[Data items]
---

Section iR2N.
Variables (R : realType) (n : nat) (f : 'cV[R]_n -> R) (g : 'cV[R]_n -> 'cV[R]_n)
  (h : 'cV[R]_n -> \bar R) (psi : 'cV[R]_n -> 'cV[R]_n -> \bar R)
  (Bfun : 'cV[R]_n -> 'M[R]_n) (kf kg gam3 gam1 gam2 eta1 eta2 th1 th2 smin : R)
  (x : nat -> 'cV[R]_n) (sigma : nat -> R) (fh0 fh1 : nat -> R)
  (gh : nat -> 'cV[R]_n) (shat s : nat -> 'cV[R]_n) (L kB kh ks low : R).
Local Notation vec := 'cV[R]_n.

Hypothesis h_neq_Noo : forall y, h y != -oo%E.
Hypothesis psi_neq_Noo : forall y w, psi w y != -oo%E.
Hypothesis psi0 : forall y, psi 0 y = h y.
Hypothesis kf_gt0 : 0 < kf.
Hypothesis kg_gt0 : 0 < kg.
Hypothesis gam12 : 1 < gam1 <= gam2.
Hypothesis eta12 : 0 < eta1 <= eta2.
Hypothesis eta2_lt1 : eta2 < 1.
Hypothesis th1_01 : 0 < th1 < 1.
Hypothesis th2_gt1 : 1 < th2.
Hypothesis smin_large : 4 * kf * th1 * th2 ^+ 2 / (eta1 * (1 - th1)) < smin.
Hypothesis hx0_fin : h (x 0%N) \is a fin_num.
Hypothesis run : iR2N_run h psi Bfun gam3 gam1 gam2 eta1 eta2 th1 th2 smin
  x sigma fh0 fh1 gh shat s.
Hypothesis L_ge0 : 0 <= L.
Hypothesis A1 : forall y t, `|f (y + t) - f y - dotp (g y) t| <= L / 2 * enorm t ^+ 2.
Hypothesis kB_gt0 : 0 < kB.
Hypothesis A2 : forall k, opnorm (Bfun (x k)) <= kB.
Hypothesis kh_gt0 : 0 < kh.
Hypothesis A3 : forall y t,
  (psi t y <= h (y + t)%R + (kh * enorm t ^+ 2)%:E)%E /\
  (h (y + t)%R <= psi t y + (kh * enorm t ^+ 2)%:E)%E.
Hypothesis A4 : forall k, ((1 - th1)%:E * xi_cp psi (x k) (fh0 k) (gh k) (shat k)
  <= model_decrease psi (x k) (fh0 k) (gh k) (Bfun (x k)) (s k))%E.
Hypothesis ks_gt0 : 0 < ks.
Hypothesis A5 : forall k,
  let A := argmin (m_cp psi (x k) (fh0 k) (gh k) (th1 / (opnorm (Bfun (x k)) + sigma k))^-1) in
  A !=set0 /\ ks * inf [set enorm t | t in A] <= enorm (shat k).
Hypothesis A6 : forall k,
  `|f (x k) - fh0 k| <= kf * enorm (s k) ^+ 2 /\
  `|f (x k + s k) - fh1 k| <= kf * enorm (s k) ^+ 2 /\
  enorm (g (x k) - gh k) <= kg * enorm (s k).
Hypothesis A7 : forall y, (low%:E <= (f y)%:E + h y)%E.

Definition nuinv k := (th1 / (opnorm (Bfun (x k)) + sigma k))^-1.
Definition rho k := rho_hat h psi (x k) (fh0 k) (fh1 k) (gh k) (Bfun (x k)) (s k).

Lemma cauchy_step_le k : (m_cp psi (x k) (fh0 k) (gh k) (nuinv k) (shat k)
  <= m_cp psi (x k) (fh0 k) (gh k) (nuinv k) 0)%E.
Proof. by case: run => _ /(_ k) []. Qed.

Lemma step_def k : exists s' : vec,
  (m_q psi (x k) (fh0 k) (gh k) (Bfun (x k)) (sigma k) s'
    <= m_q psi (x k) (fh0 k) (gh k) (Bfun (x k)) (sigma k) (shat k))%E /\
  s k = if th2 * enorm (shat k) < enorm s' then shat k else s'.
Proof. by case: run => _ /(_ k) [_ []]. Qed.

Lemma iterate_next k : x k.+1 = (if eta1 <= rho k then x k + s k else x k).
Proof. by case: run => _ /(_ k) [_ [_ []]]. Qed.

Lemma sigma_next k : exists sig' : R,
  [/\ eta2 <= rho k -> gam3 * sigma k <= sig' <= sigma k,
      eta1 <= rho k < eta2 -> sigma k <= sig' <= gam1 * sigma k,
      rho k < eta1 -> gam1 * sigma k <= sig' <= gam2 * sigma k &
      sigma k.+1 = Num.max sig' smin].
Proof. by case: run => _ /(_ k) [_ [_ [_ [sig' [? [? [? ?]]]]]]]; exists sig'. Qed.

Lemma smin_gt0 : 0 < smin.
Proof.
apply: le_lt_trans smin_large; case/andP: th1_01 => th1_gt0 th1_lt1.
case/andP: eta12 => eta1_gt0 _.
apply: divr_ge0; last by apply: mulr_ge0; lra.
by rewrite mulr_ge0 ?sqr_ge0 // !mulr_ge0 ?ler0n ?ltW.
Qed.

Lemma sigma_ge_smin k : smin <= sigma k.
Proof.
case: k => [|k]; first by case: run.
by have [sig' [_ _ _ ->]] := sigma_next k; rewrite le_max lexx orbT.
Qed.

Lemma nuinvE k : nuinv k = (opnorm (Bfun (x k)) + sigma k) / th1.
Proof. by rewrite /nuinv invf_div. Qed.

Lemma nuinv_ge k : sigma k / th1 <= nuinv k.
Proof.
case/andP: th1_01 => th1_gt0 _.
by rewrite nuinvE ler_pM2r ?invr_gt0 // lerDr opnorm_ge0.
Qed.

Lemma nuinv_gt0 k : 0 < nuinv k.
Proof.
case/andP: th1_01 => th1_gt0 _; apply: lt_le_trans (nuinv_ge k).
by rewrite divr_gt0 // (lt_le_trans smin_gt0 (sigma_ge_smin k)).
Qed.

Lemma fin_num_step k : h (x k) \is a fin_num ->
  [/\ psi (shat k) (x k) \is a fin_num, psi (s k) (x k) \is a fin_num &
      h (x k + s k) \is a fin_num].
Proof.
move=> hxk.
have psi_shat : psi (shat k) (x k) \is a fin_num.
  apply: fin_num_EFinD_le (cauchy_step_le k) _ (psi_neq_Noo _ _).
  by rewrite /m_cp psi0 fin_numD hxk.
have psi_s : psi (s k) (x k) \is a fin_num.
  have [s' [s'_le ->]] := step_def k; case: ifP => // _.
  apply: fin_num_EFinD_le s'_le _ (psi_neq_Noo _ _).
  by rewrite /m_q fin_numD psi_shat.
split=> //; apply: fin_num_le (A3 (x k) (s k)).2 _ (h_neq_Noo _).
by rewrite fin_numD psi_s.
Qed.

Lemma h_iterate_fin k : h (x k) \is a fin_num.
Proof.
elim: k => [|k IH]; first exact: hx0_fin.
by rewrite iterate_next; case: ifP => // _; case: (fin_num_step k IH).
Qed.

Definition hx k := fine (h (x k)).
Definition hxs k := fine (h (x k + s k)).
Definition psis k := fine (psi (s k) (x k)).
Definition psish k := fine (psi (shat k) (x k)).

Lemma hxE k : h (x k) = (hx k)%:E.
Proof. by rewrite /hx fineK // h_iterate_fin. Qed.

Lemma hxsE k : h (x k + s k) = (hxs k)%:E.
Proof. by rewrite /hxs fineK //; case: (fin_num_step k (h_iterate_fin k)). Qed.

Lemma psisE k : psi (s k) (x k) = (psis k)%:E.
Proof. by rewrite /psis fineK //; case: (fin_num_step k (h_iterate_fin k)). Qed.

Lemma psishE k : psi (shat k) (x k) = (psish k)%:E.
Proof. by rewrite /psish fineK //; case: (fin_num_step k (h_iterate_fin k)). Qed.

Definition model_dec k :=
  hx k - dotp (gh k) (s k) - dotp (s k) (Bfun (x k) *m s k) / 2 - psis k.
Definition actual_dec k := fh0 k + hx k - (fh1 k + hxs k).

Lemma rhoE k : rho k = actual_dec k / model_dec k.
Proof.
rewrite /rho /rho_hat /model_decrease /phi_q hxE hxsE psi0 hxE psisE.
rewrite -!EFinD /= mulmx0 !dotp0r mul0r !addr0 /actual_dec /model_dec.
by congr (_ / _); lra.
Qed.

Lemma cauchy_decrease k :
  dotp (gh k) (shat k) + nuinv k / 2 * enorm (shat k) ^+ 2 + psish k <= hx k.
Proof.
have := cauchy_step_le k; rewrite /m_cp /phi_cp psi0 hxE psishE -!EFinD lee_fin.
by rewrite dotp0r enorm0 expr0n /= mulr0 !addr0; lra.
Qed.

Lemma model_dec_ge_xi_cp k :
  (1 - th1) * (hx k - dotp (gh k) (shat k) - psish k) <= model_dec k.
Proof.
have := A4 k; rewrite /xi_cp /model_decrease /phi_cp /phi_q psi0 hxE psishE psisE.
by rewrite -!EFinD -EFinM lee_fin mulmx0 !dotp0r mul0r !addr0 /model_dec; lra.
Qed.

---

__WHAT THE TASK REQUIRES__
Only the lines above from the line with "(Bfun : 'cV[R]_n" to the line with "Hypothesis eta12 : 0 < eta1 <= eta2.", those two lines included, should be reproduced exactly.

__RESPONSE BOX__
  (Bfun : 'cV[R]_n -> 'M[R]_n) (kf kg gam3 gam1 gam2 eta1 eta2 th1 th2 smin : R)
  (x : nat -> 'cV[R]_n) (sigma : nat -> R) (fh0 fh1 : nat -> R)
  (gh : nat -> 'cV[R]_n) (shat s : nat -> 'cV[R]_n) (L kB kh ks low : R).
Local Notation vec := 'cV[R]_n.

Hypothesis h_neq_Noo : forall y, h y != -oo%E.
Hypothesis psi_neq_Noo : forall y w, psi w y != -oo%E.
Hypothesis psi0 : forall y, psi 0 y = h y.
Hypothesis kf_gt0 : 0 < kf.
Hypothesis kg_gt0 : 0 < kg.
Hypothesis gam12 : 1 < gam1 <= gam2.
Hypothesis eta12 : 0 < eta1 <= eta2.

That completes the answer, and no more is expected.